(* Let $K$ be a field, let $\mathscr C$ be a $K$-coalgebra with several objects, and let $\mathcal M$ be a right $\mathscr C$-comodule. Let $X\in Ob(\mathscr C)$ and $m\in\mathcal M(X)$. Then there exists a subobject $\mathcal N\subseteq\mathcal M$ in the category $Com^{\mathscr C}$ of right $\mathscr C$-comodules such that $m\in\mathcal N(X)$ and $\mathcal N(Y)$ is a finite dimensional $K$-vector space for every $Y\in Ob(\mathscr C)$.
   Context: A $K$-coalgebra with several objects $\mathscr C$ consists of a set $Ob(\mathscr C)$, a $K$-vector space $\mathscr C(X,Y)$ for all $X,Y\in Ob(\mathscr C)$, $K$-linear comultiplications $\delta_{XYZ}:\mathscr C(X,Z)\to\mathscr C(Y,Z)\otimes\mathscr C(X,Y)$, written $\delta_{XYZ}(f)=f_{Y1}\otimes f_{Y2}$ (summation suppressed), and counits $\epsilon_X:\mathscr C(X,X)\to K$, such that $(\delta_{YWZ}\otimes \mathrm{id})\circ\delta_{XYZ}=(\mathrm{id}\otimes\delta_{XYW})\circ\delta_{XWZ}$ as maps $\mathscr C(X,Z)\to\mathscr C(W,Z)\otimes\mathscr C(Y,W)\otimes\mathscr C(X,Y)$, and $(\epsilon_Y\otimes\mathrm{id})\circ\delta_{XYY}=\mathrm{id}=(\mathrm{id}\otimes\epsilon_X)\circ\delta_{XXY}$ on $\mathscr C(X,Y)$. Tensor products are over $K$. A right $\mathscr C$-comodule $\mathcal M$ consists of vector spaces $\mathcal M(X)$, $X\in Ob(\mathscr C)$, and linear coactions $\rho_{XY}:\mathcal M(X)\to\mathcal M(Y)\otimes\mathscr C(X,Y)$, written $\rho_{XY}(m)=m_{Y0}\otimes m_{Y1}$, such that $(\rho_{ZY}\otimes\mathrm{id}_{\mathscr C(X,Z)})\circ\rho_{XZ}=(\mathrm{id}_{\mathcal M(Y)}\otimes\delta_{XZY})\circ\rho_{XY}$ and $(\mathrm{id}\otimes\epsilon_X)\circ\rho_{XX}=\mathrm{id}$. A morphism $\phi:\mathcal M\to\mathcal N$ is a family of linear maps $\phi(X):\mathcal M(X)\to\mathcal N(X)$ with $\rho^{\mathcal N}_{XY}\circ\phi(X)=(\phi(Y)\otimes\mathrm{id})\circ\rho^{\mathcal M}_{XY}$; this gives the category $Com^{\mathscr C}$. A subobject $\mathcal N\subseteq\mathcal M$ means a family of subspaces $\mathcal N(Y)\subseteq\mathcal M(Y)$ with $\rho_{YZ}(\mathcal N(Y))\subseteq\mathcal N(Z)\otimes\mathscr C(Y,Z)$, so that $\mathcal N$ is a comodule with the restricted coactions. *)

From HB Require Import structures.
From mathcomp Require Import all_boot all_order all_algebra.
Set Implicit Arguments. Unset Strict Implicit. Unset Printing Implicit Defensive.
Import Order.TTheory GRing.Theory Num.Theory.
Local Open Scope ring_scope.

(* An element of V (x) W is represented by a finite list of pairs
   [(v_1,w_1); ...; (v_n,w_n)] standing for sum_i v_i (x) w_i; similarly for
   triple tensors.  Two representatives denote the same tensor iff all
   functionals phi (x) psi (resp. phi (x) psi (x) chi), with phi, psi, chi
   linear forms, agree on them (over a field these functionals separate the
   points of the tensor product). *)

Section Tensors.
Variable K : fieldType.

Definition lin_form (V : lmodType K) (phi : V -> K) : Prop :=
  forall (a : K) (u v : V), phi (a *: u + v) = a * phi u + phi v.

Definition tensor2 (V W : lmodType K) := seq (V * W).
Definition tensor3 (U V W : lmodType K) := seq (U * V * W).

Definition teq2 (V W : lmodType K) (t t' : tensor2 V W) : Prop :=
  forall (phi : V -> K) (psi : W -> K), lin_form phi -> lin_form psi ->
    \sum_(p <- t) phi p.1 * psi p.2 = \sum_(p <- t') phi p.1 * psi p.2.

Definition teq3 (U V W : lmodType K) (t t' : tensor3 U V W) : Prop :=
  forall (phi : U -> K) (psi : V -> K) (chi : W -> K),
    lin_form phi -> lin_form psi -> lin_form chi ->
    \sum_(p <- t) phi p.1.1 * psi p.1.2 * chi p.2
    = \sum_(p <- t') phi p.1.1 * psi p.1.2 * chi p.2.

Definition lin_to_tensor (V V' W : lmodType K) (f : V -> tensor2 V' W) : Prop :=
  forall (a : K) (u v : V),
    teq2 (f (a *: u + v)) ([seq (a *: p.1, p.2) | p <- f u] ++ f v).

Definition is_coalgebra (Ob : Type) (C : Ob -> Ob -> lmodType K)
  (delta : forall X Y Z : Ob, C X Z -> tensor2 (C Y Z) (C X Y))
  (eps : forall X : Ob, C X X -> K) : Prop :=
  (forall X Y Z, lin_to_tensor (delta X Y Z)) /\
  (forall X, lin_form (eps X)) /\
  (* coassociativity: (delta_YWZ (x) id) o delta_XYZ = (id (x) delta_XYW) o delta_XWZ *)
  (forall X Y W Z (f : C X Z),
     teq3 (flatten [seq [seq (q.1, q.2, p.2) | q <- delta Y W Z p.1]
                   | p <- delta X Y Z f])
          (flatten [seq [seq (p.1, q.1, q.2) | q <- delta X Y W p.2]
                   | p <- delta X W Z f])) /\
  (forall X Y (f : C X Y),
     \sum_(p <- delta X Y Y f) eps Y p.1 *: p.2 = f) /\
  (forall X Y (f : C X Y),
     \sum_(p <- delta X X Y f) eps X p.2 *: p.1 = f).

Definition is_right_comodule (Ob : Type) (C : Ob -> Ob -> lmodType K)
  (delta : forall X Y Z : Ob, C X Z -> tensor2 (C Y Z) (C X Y))
  (eps : forall X : Ob, C X X -> K)
  (M : Ob -> lmodType K) (rho : forall X Y : Ob, M X -> tensor2 (M Y) (C X Y))
  : Prop :=
  (forall X Y, lin_to_tensor (rho X Y)) /\
  (* (rho_ZY (x) id) o rho_XZ = (id (x) delta_XZY) o rho_XY *)
  (forall X Z Y (m : M X),
     teq3 (flatten [seq [seq (q.1, q.2, p.2) | q <- rho Z Y p.1]
                   | p <- rho X Z m])
          (flatten [seq [seq (p.1, q.1, q.2) | q <- delta X Z Y p.2]
                   | p <- rho X Y m])) /\
  (forall X (m : M X), \sum_(p <- rho X X m) eps X p.2 *: p.1 = m).

Definition is_subspace (V : lmodType K) (N : V -> Prop) : Prop :=
  N 0 /\ forall (a : K) (u v : V), N u -> N v -> N (a *: u + v).

Definition is_subcomodule (Ob : Type) (C : Ob -> Ob -> lmodType K)
  (M : Ob -> lmodType K) (rho : forall X Y : Ob, M X -> tensor2 (M Y) (C X Y))
  (N : forall Y : Ob, M Y -> Prop) : Prop :=
  (forall Y, is_subspace (N Y)) /\
  (forall Y Z (m : M Y), N Y m ->
     exists t : tensor2 (M Z) (C Y Z),
       teq2 (rho Y Z m) t /\ (forall p, p \in t -> N Z p.1)).

Definition fin_dim_subspace (V : lmodType K) (N : V -> Prop) : Prop :=
  exists s : seq V, (forall x, x \in s -> N x) /\
    forall v, N v -> exists c : 'I_(size s) -> K,
      v = \sum_(i < size s) c i *: s`_i.

End Tensors.

From HB Require Import structures.
From mathcomp Require Import all_boot all_order all_algebra.
From mathcomp Require Import ring.
From Stdlib Require Import Classical_Prop.
(* Put N(Y) = { (id (x) g) rho_XY(m) | g a linear form on C(X,Y) }.  It is a
   subspace, and it contains m = (id (x) eps_X) rho_XX(m) by the counit axiom.
   Writing rho_XY(m) = sum_j v_j (x) w_j with w_j admitting dual forms chi_i
   (chi_i(w_j) = delta_ij) shows that N(Y) is the span of the v_j, hence finite
   dimensional.  Coassociativity of rho rewrites rho_YZ((id (x) g) rho_XY(m)) as
   (id (x) h) rho_XZ(m) with h = (id (x) g) delta_XYZ, a tensor whose left
   factors are multiples of the v_j for Z, i.e. lie in N(Z). *)

Set Implicit Arguments. Unset Strict Implicit. Unset Printing Implicit Defensive.
Import GRing.Theory.
Local Open Scope ring_scope.

Lemma sum_ord_mulrn_eq (Z : nmodType) n (F : nat -> Z) j : (j < n)%N ->
  \sum_(k < n) F k *+ (k == j :> nat) = F j.
Proof.
move=> ltjn; rewrite (bigD1 (Ordinal ltjn)) //= eqxx big1 ?addr0 // => k.
by rewrite -val_eqE /= => /negbTE ->.
Qed.

Section LinearForms.
Variables (K : fieldType) (V : lmodType K).
Implicit Types (phi psi : V -> K) (u v : V).

Lemma lin_form0 phi : lin_form phi -> phi 0 = 0.
Proof.
move=> lphi; have := lphi 1 0 0; rewrite scale1r addr0 mul1r => e.
by apply: (@addrI _ (phi 0)); rewrite -e addr0.
Qed.

Lemma lin_formZ phi a u : lin_form phi -> phi (a *: u) = a * phi u.
Proof. by move=> lphi; rewrite -[a *: u]addr0 lphi lin_form0 ?addr0. Qed.

Lemma lin_formD phi u v : lin_form phi -> phi (u + v) = phi u + phi v.
Proof. by move=> lphi; have := lphi 1 u v; rewrite scale1r mul1r. Qed.

Lemma lin_formB phi u v : lin_form phi -> phi (u - v) = phi u - phi v.
Proof. by move=> lphi; rewrite lin_formD // -scaleN1r lin_formZ // mulN1r. Qed.

Lemma lin_form_sumZ phi I (s : seq I) (a : I -> K) (F : I -> V) :
  lin_form phi -> phi (\sum_(i <- s) a i *: F i) = \sum_(i <- s) a i * phi (F i).
Proof.
move=> lphi; elim: s => [|i s IHs]; first by rewrite !big_nil lin_form0.
by rewrite !big_cons lin_formD // lin_formZ // IHs.
Qed.

Lemma lin_form_comb I (s : seq I) (a : I -> K) (f : I -> V -> K) :
  (forall i, lin_form (f i)) -> lin_form (fun x => \sum_(i <- s) a i * f i x).
Proof.
move=> lf b u v; rewrite mulr_sumr -big_split /=; apply: eq_bigr => i _.
by rewrite lf mulrDr !mulrA [a i * b]mulrC.
Qed.
Lemma separated_triangle (K : X -> Prop) (a b c pa pb pc : X) :
  adj X a b -> adj X b c -> adj X a c -> is_gate K a pa -> is_gate K b pb -> is_gate K c pc ->
  pa <> pb -> pa <> pc.
Proof.
  intros Aab Abc Aac Ga Gb Gc N E. subst pc. pose proof QM as [_ [NK4 _]].
  destruct (separated_edge_d (adj_sym Abc) Gc Gb N) as [S1 [S2 S3]].
  destruct (separated_edge_d Aab Ga Gb N) as [T1 [T2 T3]].
  destruct (triangle_d (a:=pa) Aac) as [z [Za [Zc Dz]]]; [lia|].
  destruct (d pa a) eqn:Ea.
  - assert (Dc : d pa c = 0) by lia.
    apply d_eq0 in Ea; [|exact Hc]. apply d_eq0 in Dc; [|exact Hc]. subst.
    exact (adj_irrefl _ _ Aac).
  - apply NK4. exists a, c, z, b. repeat split; solve_config.
Qed.

Lemma nonadjacent_flip_absurd (x y y' r p : X) k :
  adj X x y -> adj X x y' -> y <> y' -> ~ adj X y y' -> adj X p r ->
  d r y = k -> d r y' = k -> d r x = S k -> d p x = k -> d p y = S k -> d p y' = S k -> False.
Proof.
  intros A1 A2 N NA Apr E1 E2 E3 E4 E5 E6. pose proof QM as [_ [NK4 [NK32 _]]].
  destruct k as [|k].
  - apply d_eq0 in E1; apply d_eq0 in E2; auto. congruence.
  - destruct (quadrangle_d (a:=r) N A1 A2) as [w [W1 [W2 W3]]]; try lia.
    assert (Dpw : d p w = S k).
    { pose proof (d_triangle Hc p r w). rewrite (d_adj Hc Apr) in H.
      pose proof (d_adj_le Hc p W2). lia. }
    assert (x <> w) by solve_neq.
    assert (~ adj X x w) by solve_nonadj.
    destruct (quadrangle_d (a:=p) H (adj_sym A1) (adj_sym W1)) as [w' [V1 [V2 V3]]]; try lia.
    apply NK32. exists w', y, y', x, w. repeat split; solve_config.
Qed.

Lemma square_gates_not_pqqq (K : X -> Prop) (x1 x2 x3 x4 p q : X) :
  square x1 x2 x3 x4 ->
  is_gate K x1 p -> is_gate K x2 q -> is_gate K x3 q -> is_gate K x4 q -> p <> q -> False.
Proof.
  intros Sq G1 G2 G3 G4 Npq. pose proof QM as [_ [NK4 [NK32 _]]].
  destruct Sq as [n12 [n13 [n14 [n23 [n24 [n34 [a12 [a23 [a34 [a41 [na13 na24]]]]]]]]]]].
  destruct (separated_edge_d a12 G1 G2 Npq) as [S1 [S2 S3]].
  destruct (separated_edge_d a41 G4 G1 (not_eq_sym Npq)) as [T1 [T2 T3]].
  remember (d p x1) as k eqn:Ek. destruct k as [|k].
  - assert (D2 : d q x2 = 0) by lia. assert (D4 : d q x4 = 0) by lia.
    apply d_eq0 in D2; apply d_eq0 in D4; auto. congruence.
  - destruct (quadrangle_d (a:=q) n24 a12 (adj_sym a41)) as [w [W1 [W2 W3]]]; try lia.
    destruct (classic (w = x3)) as [Ew|Nw].
    + subst w. destruct G3 as [Kq G3]. destruct G1 as [Kp _].
      pose proof (G3 p Kp Npq).
      destruct (quadrangle_d (a:=p) n13 (adj_sym a12) a23) as [w' [V1 [V2 V3]]]; try lia.
      apply NK32. exists w', x2, x4, x1, x3. repeat split; solve_config.
    + destruct (classic (adj X w x3)) as [Aw|NAw].
      * apply NK4. exists w, x3, x2, x4. repeat split; solve_config.
      * apply NK32. exists w, x1, x3, x2, x4. repeat split; solve_config.
Qed.

Lemma square_gates_not_pqrr (K : X -> Prop) (x1 x2 x3 x4 p q r : X) :
  clique K -> square x1 x2 x3 x4 ->
  is_gate K x1 p -> is_gate K x2 q -> is_gate K x3 r -> is_gate K x4 r ->
  p <> q -> r <> p -> r <> q -> False.
Proof.
  intros CK Sq G1 G2 G3 G4 Npq Nrp Nrq. pose proof QM as [_ [NK4 _]].
  destruct Sq as [n12 [n13 [n14 [n23 [n24 [n34 [a12 [a23 [a34 [a41 [na13 na24]]]]]]]]]]].
  destruct (separated_edge_d a12 G1 G2 Npq) as [S1 [S2 S3]].
  destruct (separated_edge_d a41 G4 G1 Nrp) as [T1 [T2 T3]].
  remember (d p x1) as k eqn:Ek.
  assert (Dr2 : d r x2 = S (d q x2)) by (apply (proj2 G2); auto; apply (proj1 G3)).
  destruct (triangle_d (a:=r) a12) as [y [Y1 [Y2 Y3]]]; try lia.
  assert (y <> x4) by (intro; subst; apply na24; apply adj_sym; auto).
  assert (~ adj X y x4).
  { intro A. apply NK4. exists x1, y, x2, x4. repeat split; solve_config. }
  destruct (gate_exists y CK) as [gy [Kgy Gy]].
  assert (Dpy : d p y = S k).
  { pose proof (d_adj_le Hc p Y2). pose proof (d_adj_le Hc p (adj_sym Y1)).
    destruct (Nat.eq_dec (d p y) k) as [E|E]; [exfalso|lia].
    destruct (classic (gy = p)) as [->|Ngp].
    - pose proof (Gy r (proj1 G3) Nrp). lia.
    - destruct (classic (gy = r)) as [->|Ngr].
      + pose proof (Gy p (proj1 G1) (not_eq_sym Nrp)). lia.
      + pose proof (Gy p (proj1 G1) (not_eq_sym Ngp)).
        pose proof ((proj2 G1) gy Kgy Ngp).
        pose proof (d_adj_le Hc gy Y1). lia. }
  apply (nonadjacent_flip_absurd (x:=x1) (y:=y) (y':=x4) (r:=r) (p:=p) (k:=k)); auto; try lia.
  all: try (apply adj_sym; assumption).
  apply (proj1 CK); [apply (proj1 G1)|apply (proj1 G3)|auto].
Qed.
Lemma inverse_nonneg_scalar_sub_open t : inverse_nonneg (t%:M - B) ->
  exists2 d, 0 < d & forall u, t - d <= u -> inverse_nonneg (u%:M - B).
Proof.
case=> tB_unit tB_inv_ge0.
pose x := invmx (t%:M - B) *m (const_mx 1 : 'cV_n).
have x_ge0 : nonneg_mx x by apply: nonneg_mxM => //; apply: nonneg_const_mx.
have tBx : (t%:M - B) *m x = const_mx 1 by rewrite mulmxA mulmxV // mul1mx.
pose S := \sum_j x j 0.
have S_ge0 : 0 <= S by apply: sumr_ge0.
pose d := (1 + S)^-1.
have d_gt0 : 0 < d by rewrite invr_gt0 ltr_pwDl.
have dS : d * (1 + S) = 1 by rewrite mulVf // gt_eqF // ltr_pwDl.
exists d => // u u_ge; apply: (@Zmatrix_inverse_nonneg _ _ _ x) => //.
  exact: Zmatrix_scalar_sub.
move=> i; rewrite (scalar_sub_mulmx_shift t) tBx.
have -> : (const_mx 1 + (u - t) *: x) i 0 = 1 + (u - t) * x i 0 by rewrite !mxE.
have xi_le_S : x i 0 <= S := ler_term_sum i (fun j => x_ge0 j 0).
have : 0 <= (d - (t - u)) * x i 0 by rewrite mulr_ge0 //; lra.
have : 0 <= d * (S - x i 0) by rewrite mulr_ge0 ?subr_ge0 // ltW.
nra.
Qed.

(* The vectors x_e := ((t + e) I - B)^-1 1 stay bounded as e -> 0 because
   t I - B is invertible, so (t I - B) x_e = 1 - e x_e > 0 for e small. *)
Lemma inverse_nonneg_scalar_sub_closed t : spectral_radius B < t ->
  (forall u, t < u -> inverse_nonneg (u%:M - B)) -> inverse_nonneg (t%:M - B).
Proof.
move=> rho_lt_t inn_right.
have tB_unit := scalar_sub_unitmx rho_lt_t; set X := invmx (t%:M - B).
pose K := 1 + \sum_i \sum_j `|X i j|.
have K_gt0 : 0 < K by rewrite ltr_pwDl // sumr_ge0 // => i _; apply: sumr_ge0.
pose e := (3 * K)^-1.
have e_gt0 : 0 < e by rewrite invr_gt0 mulr_gt0.
have eK : e * K = 3^-1 by rewrite /e invfM -mulrA mulVf ?gt_eqF // mulr1.
have [teB_unit teB_inv_ge0] : inverse_nonneg ((t + e)%:M - B).
  by apply: inn_right; rewrite ltrDl.
pose x := invmx ((t + e)%:M - B) *m (const_mx 1 : 'cV_n).
have x_ge0 : nonneg_mx x by apply: nonneg_mxM => //; apply: nonneg_const_mx.
pose w := e *: x.
have w_ge0 : nonneg_mx w by apply: nonneg_mxZ; first exact: ltW.
have tBx : (t%:M - B) *m x = const_mx 1 - w.
  rewrite (scalar_sub_mulmx_shift (t + e)) mulmxA mulmxV // mul1mx.
  by rewrite opprD addrA subrr add0r scaleNr.
have x_eq : x = X *m (const_mx 1 - w) by rewrite -tBx mulmxA mulVmx // mul1mx.
pose S := \big[Order.max/0]_i w i 0.
have S_ge0 : 0 <= S := bigmax_ge_id _ _ _ _.
have w_le_S i : w i 0 <= S := le_bigmax _ _ i.
have w_le i : w i 0 <= (1 + S) / 3.
  have -> : w i 0 = e * \sum_j X i j * (1 - w j 0).
    rewrite {1}/w mxE {1}x_eq mxE; congr (_ * _).
    by apply: eq_bigr => j _; rewrite !mxE.
  apply: (le_trans (y := e * (K * (1 + S)))); last by rewrite mulrA eK mulrC.
  rewrite ler_pM2l //.
  apply: (le_trans (y := \sum_j `|X i j| * (1 + S))).
    apply: ler_sum => j _; apply: le_trans (ler_norm _) _.
    rewrite normrM ler_wpM2l //.
    by rewrite ler_norml; have := w_ge0 j 0; have := w_le_S j; lra.
  rewrite -mulr_suml ler_wpM2r ?addr_ge0 // /K ler_wpDl //.
  by apply: ler_term_sum => i'; apply: sumr_ge0.
have S_le : S <= 1 / 2.
  have : S <= (1 + S) / 3 by apply: bigmax_le => //; rewrite divr_ge0 ?addr_ge0.
  lra.
apply: (@Zmatrix_inverse_nonneg _ _ _ x) => //; first exact: Zmatrix_scalar_sub.
move=> i; rewrite tBx [(_ - w) i 0]mxE [const_mx 1 i 0]mxE [(- w) i 0]mxE.
by have := w_le_S i; lra.
Qed.
Lemma coef_fpoly Y s : (fpoly Y)`_s = #|[set F in Y | #|F| == s]|%:R.
Proof.
rewrite /fpoly coef_sum (bigID (fun F : {set T} => #|F| == s)) /=.
rewrite [X in _ + X]big1 ?addr0 => [|F /andP[_ /negbTE ns]]; last first.
  by rewrite coefXn eq_sym ns.
rewrite (eq_bigr (fun=> 1)) => [|F /andP[_ /eqP <-]]; last by rewrite coefXn eqxx.
by rewrite sumr_const; congr _%:R; apply: eq_card => F; rewrite inE.
Qed.

Lemma nonneg_fpoly Y : nonneg (fpoly Y).
Proof. by move=> j; rewrite coef_fpoly ler0n. Qed.

Lemma fpoly_subset Y Y' : Y' \subset Y -> coef_ge (fpoly Y) (fpoly Y').
Proof.
move=> sY'Y j; rewrite coefB !coef_fpoly subr_ge0 ler_nat subset_leq_card //.
by apply/subsetP => F; rewrite !inE => /andP[/(subsetP sY'Y) -> ->].
Qed.

Lemma cardsU_disjoint A B : [disjoint A & B] -> #|A :|: B| = (#|A| + #|B|)%N.
Proof. by move=> dAB; rewrite cardsU (disjoint_setI0 dAB) cards0 subn0. Qed.

Lemma fpoly_join_set A L : (forall B, B \in L -> [disjoint A & B]) ->
  fpoly [set A :|: B | B in L] = 'X^#|A| * fpoly L.
Proof.
move=> dAL; rewrite /fpoly big_imset => [|B B' /dAL dAB /dAL dAB' eqAB].
  by rewrite mulr_sumr; apply: eq_bigr => B /dAL dAB; rewrite cardsU_disjoint // exprD.
have AK (C : {set T}) : [disjoint A & C] -> (A :|: C) :\: A = C.
  by move=> dAC; rewrite setDUl setDv set0U; apply/setDidPl; rewrite disjoint_sym.
by rewrite -(AK B dAB) -(AK B' dAB') eqAB.
Qed.

Definition with_trace Y M A := [set G in Y | G :&: M == A].

Lemma fpoly_traces Y M : fpoly Y = \sum_(A : {set T}) fpoly (with_trace Y M A).
Proof.
rewrite /fpoly (partition_big (fun G => G :&: M) xpredT) //=.
by apply: eq_bigr => A _; apply: eq_bigl => G; rewrite inE.
Qed.

Lemma sum_proper_subsets M :
  \sum_(A : {set T} | A \proper M) 'X^#|A| = sphere_poly #|M|.
Proof.
have sumsub : \sum_(A : {set T} | A \subset M) 'X^#|A| = (1 + 'X) ^+ #|M| :> {poly int}.
  apply/polyP => s; rewrite coef_1Xn -cards_draws.
  rewrite (_ : \sum_(A : {set T} | A \subset M) _ = fpoly (powerset M)); last first.
    by apply: eq_bigl => A; rewrite inE.
  by rewrite coef_fpoly; congr _%:R; apply: eq_card => A; rewrite !inE.
rewrite /sphere_poly -sumsub [in RHS](bigD1 M) //= addrC addrK.
by apply: eq_bigl => A; rewrite properEneq andbC.
Qed.

Lemma fpoly_join_ge Y M c :
  (forall A, A \proper M -> exists2 L, coef_ge (fpoly L) c &
      forall B, B \in L -> [disjoint B & M] /\ A :|: B \in Y) ->
  coef_ge (fpoly Y) (sphere_poly #|M| * c).
Proof.
move=> hM; rewrite (fpoly_traces Y M) (bigID (fun A : {set T} => A \proper M)) /=.
rewrite -sum_proper_subsets mulr_suml -[X in coef_ge _ X]addr0.
apply: coef_geD; last by apply/coef_ge0/nonneg_sum => A _; apply: nonneg_fpoly.
apply: coef_ge_sum => A ltAM; have [L geLc hL] := hM A ltAM.
have dAL B : B \in L -> [disjoint A & B].
  by case/hL => dBM _; rewrite disjoint_sym (disjointWr (proper_sub ltAM)).
have sub : [set A :|: B | B in L] \subset with_trace Y M A.
  apply/subsetP => _ /imsetP[B LB ->]; have [dBM YAB] := hL B LB.
  by rewrite inE YAB setIUl (setIidPl (proper_sub ltAM)) (disjoint_setI0 dBM) setU0 /=.
apply: coef_ge_trans (fpoly_subset sub) _.
rewrite fpoly_join_set //; apply: coef_geMl geLc.
exact/nonnegXn/nonneg_polyX.
Qed.

Lemma fpoly_join_eq Y M L :
  (forall G, G \in Y -> ~~ (M \subset G)) ->
  (forall B, B \in L -> [disjoint B & M]) ->
  (forall A, A \proper M -> with_trace Y M A = [set A :|: B | B in L]) ->
  fpoly Y = sphere_poly #|M| * fpoly L.
Proof.
move=> hY dLM hL; rewrite (fpoly_traces Y M) (bigID (fun A : {set T} => A \proper M)) /=.
rewrite -sum_proper_subsets mulr_suml [X in _ + X]big1 ?addr0 => [|A ltAM].
  apply: eq_bigr => A ltAM; rewrite hL // fpoly_join_set // => B /dLM dBM.
  by rewrite disjoint_sym (disjointWr (proper_sub ltAM)).
rewrite /fpoly big1 // => G; rewrite inE => /andP[YG /eqP trG].
by move: ltAM (hY G YG); rewrite -trG properEneq subsetIr andbT negbK => /eqP/setIidPr ->.
Qed.

End FacePolynomial.

Section Complexes.
Variable T : finType.
Implicit Types (D K : {set {set T}}) (A B F G H N U : {set T}).

Definition simplicial D := forall F G, F \in D -> G \subset F -> G \in D.

Definition dim_le e D := forall F, F \in D -> #|F| <= e.

Definition missing D N := N \notin D /\ forall G, G \proper N -> G \in D.

Definition missing_le i D := forall N, missing D N -> #|N| <= i.+1.

(* The support of a nonzero top-dimensional cycle has this property. *)
Definition pseudocycle e D K :=
  [/\ K \subset D, forall F, F \in K -> #|F| = e, K != set0 &
      forall F x, F \in K -> x \in F ->
        exists2 F', F' \in K & (F' != F) && (F :\ x \subset F')].

Definition admissible i e D K :=
  [/\ simplicial D, dim_le e D, missing_le i D & pseudocycle e D K].

Definition link A D := [set B in D | [disjoint B & A] && (B :|: A \in D)].
Definition link_cycle A K := [set F :\: A | F in K & A \subset F].

Lemma setDU_sub A F : A \subset F -> (F :\: A) :|: A = F.
Proof. by move=> sAF; rewrite setUC -{2}(setID F A) (setIidPr sAF). Qed.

■ Exercise requirements ■
Wherever the string "properEneq" appears in the data above, report the whole line.

■ Expected answer ■
by apply: eq_bigl => A; rewrite properEneq andbC.
by move: ltAM (hY G YG); rewrite -trG properEneq subsetIr andbT negbK => /eqP/setIidPr ->.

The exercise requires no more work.